Stovetop: Place pecans in a dry skillet over medium heat. Cook, shaking or stirring the pan occasionally until the pecans are fragrant and begin to brown. As soon as they are toasted, remove them from the hot skillet.
Serving & Storage
Serving: You can serve these brownies warm or at room temperature. They're best served within the first 3 days of being made. I like to reheat them a little in the microwave before eating!
Storage: Leftovers should be stored in an airtight container and can be kept at room temperature or in the refrigerator for up to 1 week. Leftovers can also be wrapped in plastic wrap surrounded by tin foil and then frozen for up to 2 months!
Recipe Troubleshooting & FAQ
Can I double this recipe?
Yup, you can double the recipe and bake it in a 13×9-inch pan… you’ll just want to watch the bake time. I’d start by checking for doneness around 20 minutes and every 2 minutes afterward until you achieve moist crumbs on a toothpick for the brownie layer. For the pecan pie layer, I would again check at 20 minutes and every 2 minutes after; if you tilt the pan, no liquid should run or be visible. You can adjust the 'servings' slider from 16 to 32 to get the proper metric measurements.
What pan should I bake these pecan pie brownies in?
This brownie recipe calls for an 8x8-inch metal pan! It is possible to bake brownies in a glass pan, but I don't recommend it. Glass bakeware is slower to heat than metal, and once it's hot... it retains that heat for much longer. So when using a glass pan to bake something like a batch of brownies, you may find that the sides and bottom brown at a much faster rate than the interior cooks... which is (obviously) not ideal!

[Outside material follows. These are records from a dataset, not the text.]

Lemma integral_p_ac_cvg (xi v1 v2 x t : R) : v2 < v1 ->
  (fun lam => \int[lebesgue_measure]_(s in `]0%R, t[)
                (expR (- (xi * s)) * p_ac lam v1 v2 x s)%:E)%E @ +oo -->
  (\int[lebesgue_measure]_(s in `]0%R, t[)
     (expR (- (xi * s)) * p_ac_limit v1 v2 x s)%:E)%E.
Proof.
move=> v21; apply: cvg_monotone_convergence_pinfty => //.
- move=> lam lam_ge0; apply/measurable_EFinP; apply: measurable_funM.
    by apply: measurable_funTS; do 2 apply: measurableT_comp => //; exact: mulrl_measurable.
  apply: (measurable_funS (measurable_itv _) _ (measurable_p_ac x v21 lam_ge0)).
  by move=> s /=; rewrite !in_itv /= => /andP[->].
- move=> lam s lam_ge0; rewrite /= in_itv /= => /andP[s_gt0 _].
  by rewrite lee_fin mulr_ge0 ?expR_ge0 // p_ac_ge0 // ltW.
- move=> lam lam' s lam_ge0 lam_le; rewrite /= in_itv /= => /andP[s_gt0 _].
  by rewrite lee_fin ler_wpM2l ?expR_ge0 // p_ac_nondecreasing // ltW.
- move=> s; rewrite /= in_itv /= => /andP[s_gt0 _].
  apply: cvg_EFin; first exact: nearW.
  by apply: cvgM; [exact: cvg_cst | exact: p_ac_cvg].
Qed.

End reset_density_limit.

Theorem corollary2 (R : realType) (xi v1 v2 vj x t : R) :
  0 < xi -> v2 < v1 -> ((v2 < 0 < v1) \/ (0 < v2 < v1)) ->
  (vj = v1 \/ vj = v2) ->
  0 < t -> v2 * t < x < v1 * t ->
  (fun lam : R => ptilde lam xi v1 v2 vj x t) @ +oo --> pi_lim xi v1 v2 x t.
Proof.
move=> xi_gt0 v21 v_sign vj_v t_gt0 x_in_cone.
have [vj_neq0 x_off_ray] : vj != 0 /\ x != vj * t.
  have [v1_gt0 v2_neq0 _] := velocity_signs v_sign.
  have /andP[v2t_lt_x x_lt_v1t] := x_in_cone.
  case: vj_v => ->; split => //.
  - by rewrite gt_eqF.
  - by rewrite lt_eqF.
  - by rewrite gt_eqF.
rewrite pi_limE // -[X in (_ * X)%E]adde0 /ptilde.
apply: cvgeD; first exact: fin_num_adde_defr.
  under eq_fun do rewrite p_gen_off_ray // -EFinM.
  by apply: cvg_EFin; [exact: nearW | apply: cvgM; [exact: cvg_cst | exact: p_ac_cvg]].
apply: cvgeZl => //; apply: cvgeD; first exact: fin_num_adde_defl.
  exact: integral_p_ac_cvg.
exact: dirac_time_integral_cvg0.
Qed.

How can you tell when the brownies are done baking?
A toothpick is your best friend when testing brownies for doneness. You’ll want to remove these brownies when your toothpick is covered in fudgy, moist crumbs (not batter!). You definitely don't want to overbake the brownie layer, as you'll be putting the pan back in the oven to bake longer after you pour the pecan pie filling on top.
Pecan Pie Brownies
For the Brownie Layer:
- 100 g granulated sugar
- 110 g dark brown sugar
- 43 g unsweetened natural or Dutch process cocoa powder
- ¼ teaspoon espresso powder
- 113 g unsalted butter melted
- 2 large eggs (100 g)
- 1 teaspoon vanilla extract
- ½ teaspoon fine sea salt
- 75 g all-purpose flour
For the Pecan Pie Layer:
- 28 g unsalted butter melted
- 75 g dark brown sugar
- 56 g pure maple syrup
- 1 teaspoon vanilla extract
- ¼ teaspoon fine sea salt
- 1 large egg (50 g)
- 140 g pecan halves whole or chopped
To Make the Brownie Layer:
- Preheat oven to 350°F (180°C). Grease and line an 8x8-inch pan with parchment paper, letting the excess extend over the sides of the pan. Set aside.
- In a large bowl, whisk together the sugars, cocoa powder, espresso powder, and butter until combined.

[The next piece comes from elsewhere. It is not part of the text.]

(* The five families of test equations for polycyclic presentations are irredundant: for each $t\in\{1,2,3,4,5\}$ there exists a polycyclic presentation for which some test equation of type (T$t$) fails while all test equations of the other four types hold, where the types are (T1) $c(g_j\,g^{a_{j,k}}\,g_i)=c(g_kg_jg_i)$ for $k>j>i$; (T2) $c(g_j^{r_j}g_i)=c(g^{e_j}g_i)$ for $r_j<\infty$, $j>i$; (T3) $c(g_jg_i^{r_i})=c(g_j\,g^{e_i})$ for $r_i<\infty$, $j>i$; (T4) $c(g_jg_i^{-1}g_i)=c(g_j)$ for $r_i=\infty$, $j>i$; (T5) $c(g_i^{r_i+1})=c(g_i\,g^{e_i})$ for $r_i<\infty$. In particular, no proper subset of these families suffices to detect inconsistency in general.
   Context: A polycyclic presentation $\mathcal P$ on generators $g_1,\ldots,g_n$ consists of $r_1,\ldots,r_n\in\mathbb N\cup\{\infty\}$ and integers $e_{i,k},a_{i,j,k},b_{i,j,k}$ ($1\le i<j\le n$, $1\le k\le n$) with $0\le e_{i,k},a_{i,j,k},b_{i,j,k}<r_k$ whenever $r_k<\infty$, and has defining relations $g_i^{r_i}=g^{e_i}$ (for $r_i<\infty$), $g_jg_i=g_ig^{a_{i,j}}$ (for $i<j$), $g_jg_i^{-1}=g_i^{-1}g^{b_{i,j}}$ (for $i<j$, $r_i=\infty$), where $g^{e_i}=g_{i+1}^{e_{i,i+1}}\cdots g_n^{e_{i,n}}$, $g^{a_{i,j}}=g_{i+1}^{a_{i,j,i+1}}\cdots g_n^{a_{i,j,n}}$, $g^{b_{i,j}}=g_{i+1}^{b_{i,j,i+1}}\cdots g_n^{b_{i,j,n}}$ (with $g_k^x$ for $x<0$ meaning $(g_k^{-1})^{|x|}$). From the presentation one computes integers $c_{i,j,k},d_{i,j,k},f_{i,k}$ (in $[0,r_k)$ when $r_k<\infty$) such that in the presented group $g_j^{-1}g_i=g_ig^{c_{i,j}}$ ($i<j$, $r_j=\infty$), $g_j^{-1}g_i^{-1}=g_i^{-1}g^{d_{i,j}}$ ($i<j$, $r_i=r_j=\infty$), $g_i^{-1}=g_i^{r_i-1}g^{f_i}$ ($r_i<\infty$). Let $M$ be the free monoid on $\{g_1^{\pm1},\ldots,g_n^{\pm1}\}$. A collection step replaces a subword equal to the left-hand side of one of these six kinds of relations by its right-hand side, or deletes $g_ig_i^{-1}$ or $g_i^{-1}g_i$; a word admitting no step is reduced. The collection-to-the-left algorithm applies steps, always choosing the leftmost occurrence of a non-reduced subword involving a generator of smallest index (lower index has priority), until the word is reduced; $c\colon M\to M$ maps a word to the result. A presentation is consistent if every element of the presented group is represented by exactly one reduced word. *)

From Stdlib Require Import ZArith List Arith Bool.
Import ListNotations.
Open Scope nat_scope.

- Whisk in the eggs, one at a time, until completely incorporated, followed by the vanilla and salt.
- Stir in the flour and mix until just combined. Pour the brownie batter into the prepared pan and spread it into an even layer.

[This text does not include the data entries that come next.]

(* Let $T=(V,E)$ be a temporal bipartite graph with $m=|E|$ edges, let $\tau>0$, $c>0$, let $s$ be a positive integer and let $i\in\{1,\dots,6\}$. Let $\widehat{C}_i$ be the estimator produced by \texttt{TBC-I} with parameters $s$ and $c$, as described in the context. Then $\mathbb{E}[\widehat{C}_i]=C_i$ and $\operatorname{Var}[\widehat{C}_i]\le\frac{m-1}{s}\,C_i^2$.
   Context: A temporal bipartite graph $T=(V,E)$ has node set $V=U\cup L$ with $U\cap L=\emptyset$ and a finite (multi)set $E\subseteq U\times L\times\mathbb{R}^+$ of temporal edges $(u,l,t)$ (several edges may join the same pair $u,l$ at different times); $m=|E|$. A temporal butterfly $B_i$ ($i=1,\dots,6$) is the butterfly on nodes $u'_1,u'_2$ (upper side) and $l'_1,l'_2$ (lower side) with edges $(u'_1,l'_1),(u'_2,l'_1),(u'_1,l'_2),(u'_2,l'_2)$ together with an ordering $\sigma_i$ of these four edges; $\sigma_1,\dots,\sigma_6$ are the six orderings in which $(u'_1,l'_1)$ comes first. Given $\tau>0$, a set $S$ of four temporal edges $\{(u_x,l_x,t_1),(u_y,l_x,t_2),(u_x,l_y,t_3),(u_y,l_y,t_4)\}$ of $T$ with $u_x\ne u_y\in U$, $l_x\ne l_y\in L$ is a $\tau$-instance of $B_i$ if, under the map $u_x\mapsto u'_1,u_y\mapsto u'_2,l_x\mapsto l'_1,l_y\mapsto l'_2$, the order of the four edges by timestamp matches $\sigma_i$ (so $(u_x,l_x,t_1)$ has the smallest timestamp), and $\max_{j\in\{2,3,4\}}t_j-t_1\le\tau$. $C_i$ denotes the number of $\tau$-instances of $B_i$ in $T$, and for $e\in E$, $C_i(e)$ denotes the number of $\tau$-instances of $B_i$ whose first (smallest-timestamp) edge is $e$. Algorithm \texttt{TBC-I}: draw $s$ edges $e'_1,\dots,e'_s$ from $E$, each uniformly at random and independently. For each drawn edge $e'=(u,l,t')$, add to the multiset $\widehat{E}$ every edge of $E$ whose timestamp lies in $[t',t'+c\tau]$ (an edge may be added several times). For $e=(u,l,t)\in E$ let $m'_e$ be the number of edges of $E$ with timestamp in $[t-c\tau,t]$. The output is $\widehat{C}_i=\sum_{e\in\widehat{E}}\frac{m}{s\,m'_e}C_i(e)$, the sum counting multiplicities in $\widehat{E}$. *)

From mathcomp Require Import all_boot all_order all_algebra all_fingroup.
Set Implicit Arguments. Unset Strict Implicit. Unset Printing Implicit Defensive.
Import Order.TTheory GRing.Theory Num.Theory.
Local Open Scope ring_scope.

(* A temporal bipartite graph with m temporal edges is given by edge indices
   'I_m (so multisets of edges are allowed) together with
   eu : 'I_m -> U (upper endpoint), el : 'I_m -> L (lower endpoint),
   et : 'I_m -> R (timestamp).  U and L are distinct types, hence disjoint. *)

Section TBC.
Variables (R : realFieldType) (U L : eqType) (m : nat).
Variables (eu : 'I_m -> U) (el : 'I_m -> L) (et : 'I_m -> R).

(* timestamps of the edges (u2,l1), (u1,l2), (u2,l2), labelled 0,1,2 *)
Definition later_time (e2 e3 e4 : 'I_m) (j : 'I_3) : R :=
  match val j with 0%N => et e2 | 1%N => et e3 | _ => et e4 end.

(* (e1,e2,e3,e4) = ((ux,lx,t1),(uy,lx,t2),(ux,ly,t3),(uy,ly,t4)) is a
   tau-instance of the butterfly whose edge ordering sigma is
   (u1,l1) first, followed by the edges labelled p 0, p 1, p 2. *)
Definition is_instance (p : {perm 'I_3}) (tau : R) (e1 e2 e3 e4 : 'I_m) : bool :=
  [&& eu e1 == eu e3, eu e2 == eu e4, el e1 == el e2, el e3 == el e4,
      eu e1 != eu e2, el e1 != el e3,
      [forall j : 'I_3, et e1 < later_time e2 e3 e4 j],
      [forall j : 'I_3, forall k : 'I_3,
          (j < k)%N ==> (later_time e2 e3 e4 (p j) < later_time e2 e3 e4 (p k))] &
      [forall j : 'I_3, later_time e2 e3 e4 j - et e1 <= tau]].

Definition Ccount (p : {perm 'I_3}) (tau : R) : nat :=
  #|[set x : 'I_m * 'I_m * 'I_m * 'I_m |
      is_instance p tau x.1.1.1 x.1.1.2 x.1.2 x.2]|.

Definition Ccount_e (p : {perm 'I_3}) (tau : R) (e : 'I_m) : nat :=
  #|[set x : 'I_m * 'I_m * 'I_m | is_instance p tau e x.1.1 x.1.2 x.2]|.

Definition mprime (c tau : R) (e : 'I_m) : nat :=
  #|[set f : 'I_m | (et e - c * tau <= et f) && (et f <= et e)]|.

Definition TBC_I (p : {perm 'I_3}) (tau c : R) (s : nat)
    (w : {ffun 'I_s -> 'I_m}) : R :=
  \sum_(k < s) \sum_(e : 'I_m | (et (w k) <= et e) && (et e <= et (w k) + c * tau))
      (m%:R / (s%:R * (mprime c tau e)%:R)) * (Ccount_e p tau e)%:R.

End TBC.

Definition uexpect (R : realFieldType) (Omega : finType) (X : Omega -> R) : R :=
  (\sum_(w : Omega) X w) / #|Omega|%:R.

Definition uvar (R : realFieldType) (Omega : finType) (X : Omega -> R) : R :=
  uexpect (fun w => (X w - uexpect X) ^+ 2).

(* Sampling with replacement makes the s draws a uniform w : {ffun 'I_s -> 'I_m},
   and TBC-I outputs X(w) = sum_k Y(w k), where Y(f) sums the weights
   m C_i(e) / (s m'_e) over the edges e whose timestamp lies in [t_f, t_f + c tau].
   Every edge e lies in the window of exactly m'_e edges f, so sum_f Y(f) = m C_i / s
   and E[X] = s E[Y] = C_i.  The draws are independent, so Var[X] = s Var[Y], and
   0 <= Y <= m C_i / s gives Var[Y] <= (m C_i / s) E[Y] - E[Y]^2 = (m - 1) C_i^2 / s^2. *)

From mathcomp Require Import all_boot all_order all_algebra all_fingroup.
From mathcomp Require Import ring.
Set Implicit Arguments. Unset Strict Implicit. Unset Printing Implicit Defensive.
Import Order.TTheory GRing.Theory Num.Theory.
Local Open Scope ring_scope.

Section UniformExpectation.
Variables (R : realFieldType) (T : finType).
Implicit Types (X Y : T -> R) (a : R).

Lemma eq_uexpect X Y : X =1 Y -> uexpect X = uexpect Y.
Proof. by move=> XY; rewrite /uexpect (eq_bigr _ (fun w _ => XY w)). Qed.

Lemma uexpectD X Y : uexpect (fun w => X w + Y w) = uexpect X + uexpect Y.
Proof. by rewrite /uexpect big_split mulrDl. Qed.

Lemma uexpectZ a X : uexpect (fun w => a * X w) = a * uexpect X.
Proof. by rewrite /uexpect -mulr_sumr mulrA. Qed.

Lemma uexpect_sum (I : finType) (F : I -> T -> R) :
  uexpect (fun w => \sum_i F i w) = \sum_i uexpect (F i).
Proof. by rewrite /uexpect exchange_big mulr_suml. Qed.

Lemma ler_uexpect X Y : (forall w, X w <= Y w) -> uexpect X <= uexpect Y.
Proof. by move=> XY; rewrite /uexpect ler_wpM2r ?invr_ge0 // ler_sum. Qed.

Lemma uexpect_card0 X : #|T| = 0%N -> uexpect X = 0.
Proof. by move=> T0; rewrite /uexpect T0 invr0 mulr0. Qed.

Hypothesis T_gt0 : (0 < #|T|)%N.

Lemma uexpect_cst a : uexpect (fun _ : T => a) = a.
Proof. by rewrite /uexpect sumr_const -[_ *+ _]mulr_natr mulfK // pnatr_eq0 -lt0n. Qed.

Lemma uvarE X : uvar X = uexpect (fun w => X w ^+ 2) - uexpect X ^+ 2.
Proof.
set mu := uexpect X.
rewrite /uvar (@eq_uexpect _ (fun w => X w ^+ 2 + (- (2 * mu) * X w + mu ^+ 2))).
  by rewrite !uexpectD uexpectZ uexpect_cst -/mu; ring.
by move=> w /=; rewrite -/mu; ring.
Qed.

Lemma uvar_le M X : (forall w, 0 <= X w <= M) ->
  uvar X <= M * uexpect X - uexpect X ^+ 2.
Proof.
move=> X_bd; rewrite uvarE lerD2r -uexpectZ; apply: ler_uexpect => w.
by have /andP [X_ge0 X_le] := X_bd w; rewrite expr2 ler_wpM2r.
Qed.

End UniformExpectation.

Section IIDSample.
Variables (R : realFieldType) (I J : finType).

Lemma uexpect_prod_ffun (F : I -> J -> R) :
  uexpect (fun w : {ffun I -> J} => \prod_i F i (w i)) = \prod_i uexpect (F i).
Proof.
by rewrite /uexpect -bigA_distr_bigA prodf_div prodr_const card_ffun natrX.
Qed.

Hypothesis J_gt0 : (0 < #|J|)%N.

Lemma uexpect_ffun_eval (i : I) (G : J -> R) :
  uexpect (fun w : {ffun I -> J} => G (w i)) = uexpect G.
Proof.
pose F k := if k == i then G else fun _ => 1.
rewrite (@eq_uexpect _ _ _ (fun w : {ffun I -> J} => \prod_k F k (w k))) => [|w].
  rewrite uexpect_prod_ffun (bigD1 i) //= big1 ?mulr1 /F ?eqxx // => k /negbTE ->.
  exact: uexpect_cst.
by rewrite (bigD1 i) //= big1 ?mulr1 /F ?eqxx // => k /negbTE ->.
Qed.

Lemma uexpect_ffun_eval2 (i i' : I) (G H : J -> R) : i != i' ->
  uexpect (fun w : {ffun I -> J} => G (w i) * H (w i')) = uexpect G * uexpect H.
Proof.
move=> ii'; pose F k := if k == i then G else if k == i' then H else fun _ => 1.
have F_i : F i = G by rewrite /F eqxx.
have F_i' : F i' = H by rewrite /F eq_sym (negbTE ii') eqxx.
have F_other k : (k != i) && (k != i') -> F k = fun _ => 1.
  by case/andP=> /negbTE ki /negbTE ki'; rewrite /F ki ki'.
have prodF (E : I -> R) : (forall k, (k != i) && (k != i') -> E k = 1) ->
    \prod_k E k = E i * E i'.
  by move=> E1; rewrite (bigD1 i) //= (bigD1 i') 1?eq_sym //= big1 ?mulr1.
rewrite (@eq_uexpect _ _ _ (fun w : {ffun I -> J} => \prod_k F k (w k))) => [|w].
  rewrite uexpect_prod_ffun prodF /= ?F_i ?F_i' // => k /F_other ->.
  exact: uexpect_cst.
by rewrite prodF /= ?F_i ?F_i' // => k /F_other ->.
Qed.

Lemma uexpect_sum_iid (Y : J -> R) :
  uexpect (fun w : {ffun I -> J} => \sum_i Y (w i)) = #|I|%:R * uexpect Y.
Proof.
rewrite (uexpect_sum (fun i (w : {ffun I -> J}) => Y (w i))).
by rewrite (eq_bigr _ (fun i _ => uexpect_ffun_eval i Y)) sumr_const mulr_natl.
Qed.

Lemma uvar_sum_iid (Y : J -> R) :
  uvar (fun w : {ffun I -> J} => \sum_i Y (w i)) = #|I|%:R * uvar Y.
Proof.
pose Z j := Y j - uexpect Y.
have EZ : uexpect Z = 0 by rewrite /Z uexpectD uexpect_cst ?subrr.
rewrite /uvar uexpect_sum_iid.
pose Z2 (w : {ffun I -> J}) := \sum_i \sum_k Z (w i) * Z (w k).
rewrite (@eq_uexpect _ _ _ Z2) => [|w]; last first.
  have -> : \sum_i Y (w i) - #|I|%:R * uexpect Y = \sum_i Z (w i).
    by rewrite sumrB sumr_const mulr_natl.
  by rewrite expr2 big_distrlr.
rewrite (uexpect_sum (fun i (w : {ffun I -> J}) => \sum_k Z (w i) * Z (w k))).
rewrite mulr_natl -sumr_const; apply: eq_bigr => i _.
rewrite (uexpect_sum (fun k (w : {ffun I -> J}) => Z (w i) * Z (w k))).
rewrite (bigD1 i) //= big1 ?addr0 => [|k ki]; last first.
  by rewrite uexpect_ffun_eval2 1?eq_sym // EZ mul0r.
by rewrite (uexpect_ffun_eval i (fun j => Z j * Z j)); apply: eq_uexpect => j; rewrite expr2.
Qed.

End IIDSample.

Lemma card_set_sum (T : finType) (P : pred T) : #|[set x | P x]| = (\sum_x P x)%N.
Proof. by rewrite -sum1_card big_mkcond; apply: eq_bigr => x _; rewrite inE; case: (P x). Qed.

Lemma sum_pair_nat (A B : finType) (f : A * B -> nat) :
  (\sum_x f x = \sum_a \sum_b f (a, b))%N.
Proof. by rewrite pair_bigA; apply: eq_bigr => [[a b]]. Qed.

Section TBCEstimator.
Variables (R : realFieldType) (U L : eqType) (m : nat).
Variables (eu : 'I_m -> U) (el : 'I_m -> L) (et : 'I_m -> R).
Variables (p : {perm 'I_3}) (tau c : R) (s : nat).

Local Notation C := (Ccount eu el et p tau).
Local Notation C_e := (Ccount_e eu el et p tau).
Local Notation m' := (mprime et c tau).

Lemma sum_Ccount_e : (\sum_e C_e e)%N = C.
Proof.
rewrite /Ccount /Ccount_e card_set_sum; under eq_bigr do rewrite card_set_sum.
by rewrite !sum_pair_nat; under eq_bigr do rewrite !sum_pair_nat.
Qed.

Definition in_window (f e : 'I_m) : bool := (et f <= et e) && (et e <= et f + c * tau).

Definition tbc_weight (e : 'I_m) : R := m%:R / (s%:R * (m' e)%:R) * (C_e e)%:R.

Definition tbc_draw (f : 'I_m) : R := \sum_(e | in_window f e) tbc_weight e.

Lemma TBC_IE : TBC_I eu el et p tau c (s := s) = fun w => \sum_k tbc_draw (w k).
Proof. by []. Qed.

Lemma mprimeE e : m' e = #|[pred f | in_window f e]|.
Proof. by apply: eq_card => f; rewrite !inE lerBlDr andbC. Qed.

Hypothesis ctau_ge0 : 0 <= c * tau.

Lemma mprime_gt0 e : (0 < m' e)%N.
Proof. by rewrite mprimeE; apply/card_gt0P; exists e; rewrite inE /in_window lexx lerDl. Qed.

Lemma sum_tbc_draw : \sum_f tbc_draw f = m%:R / s%:R * C%:R.
Proof.
rewrite (exchange_big_dep xpredT) //= -sum_Ccount_e natr_sum mulr_sumr.
apply: eq_bigr => e _; rewrite sumr_const -mprimeE -[_ *+ _]mulr_natr /tbc_weight.
have m'_neq0 : (m' e)%:R != 0 :> R by rewrite pnatr_eq0 -lt0n mprime_gt0.
by rewrite invfM mulrA mulrAC divfK.
Qed.

Lemma tbc_weight_ge0 e : 0 <= tbc_weight e.
Proof. by rewrite mulr_ge0 // divr_ge0 // mulr_ge0. Qed.

Lemma tbc_weight_le e : tbc_weight e <= m%:R / s%:R * (C_e e)%:R.
Proof.
rewrite /tbc_weight invfM mulrA ler_wpM2r // ler_pdivrMr ?ltr0n ?mprime_gt0 //.
by rewrite ler_peMr ?divr_ge0 // ler1n mprime_gt0.
Qed.

Lemma tbc_draw_bounds f : 0 <= tbc_draw f <= m%:R / s%:R * C%:R.
Proof.
rewrite sumr_ge0 => [|e _]; last exact: tbc_weight_ge0.
apply: (@le_trans _ _ (\sum_e tbc_weight e)).
  rewrite [leRHS](bigID (in_window f)) /= lerDl.
  by apply: sumr_ge0 => e _; exact: tbc_weight_ge0.
rewrite -sum_Ccount_e natr_sum mulr_sumr; apply: ler_sum => e _.
exact: tbc_weight_le.
Qed.

End TBCEstimator.

Theorem theorem4p2 (R : realFieldType) (U L : eqType) (m : nat)
    (eu : 'I_m -> U) (el : 'I_m -> L) (et : 'I_m -> R)
    (Het : forall e, 0 < et e)
    (tau c : R) (Htau : 0 < tau) (Hc : 0 < c)
    (s : nat) (Hs : (0 < s)%N) (p : {perm 'I_3}) :
  uexpect (TBC_I eu el et p tau c (s := s)) = (Ccount eu el et p tau)%:R /\
  uvar (TBC_I eu el et p tau c (s := s))
    <= (m%:R - 1) / s%:R * (Ccount eu el et p tau)%:R ^+ 2.
Proof.
have ctau_ge0 : 0 <= c * tau by rewrite mulr_ge0 // ltW.
have [m0 | m_gt0] := posnP m.
  subst m.
  have Omega0 : #|{ffun 'I_s -> 'I_0}| = 0%N by rewrite card_ffun !card_ord exp0n.
  have C0 : Ccount eu el et p tau = 0%N by rewrite -sum_Ccount_e big_ord0.
  by rewrite /uvar !uexpect_card0 // C0 expr0n mulr0.
have I_m_gt0 : (0 < #|'I_m|)%N by rewrite card_ord.
have s_neq0 : s%:R != 0 :> R by rewrite pnatr_eq0 -lt0n.
have m_neq0 : m%:R != 0 :> R by rewrite pnatr_eq0 -lt0n.
have E_draw : uexpect (tbc_draw eu el et p tau c s) = (Ccount eu el et p tau)%:R / s%:R.
  by rewrite /uexpect sum_tbc_draw // card_ord; field; rewrite s_neq0 m_neq0.
rewrite TBC_IE uexpect_sum_iid // uvar_sum_iid // card_ord E_draw; split.
  by rewrite mulrC divfK.
have var_draw := uvar_le I_m_gt0 (tbc_draw_bounds eu el et p s ctau_ge0).
apply: le_trans (ler_wpM2l (ler0n _ _) var_draw) _.
by rewrite E_draw le_eqVlt; apply/predU1P; left; field.
Qed.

- Bake for 20-25 minutes. Test the brownies with a toothpick at the 20-minute mark. Insert it into the center of the pan; if it comes out with wet batter, the brownies are not done. If there are fudgy, moist crumbs, the brownies are done. Keep checking every 2 minutes until you have moist crumbs. Keep the oven on while you prepare the pecan pie layer.
To Make the Pecan Pie Layer:
- In a medium bowl, whisk the butter, brown sugar, maple syrup, vanilla, and salt until smooth. Whisk in the egg until combined and then stir in the pecans until coated.
- Top baked brownies with the pecan pie topping, spreading evenly. Return to oven and bake until pecan mixture is set, about 20 minutes. (If you tilt the pan, no liquid should run or be visible.)
- Let the brownies cool completely in the pan before removing them and slicing them into squares.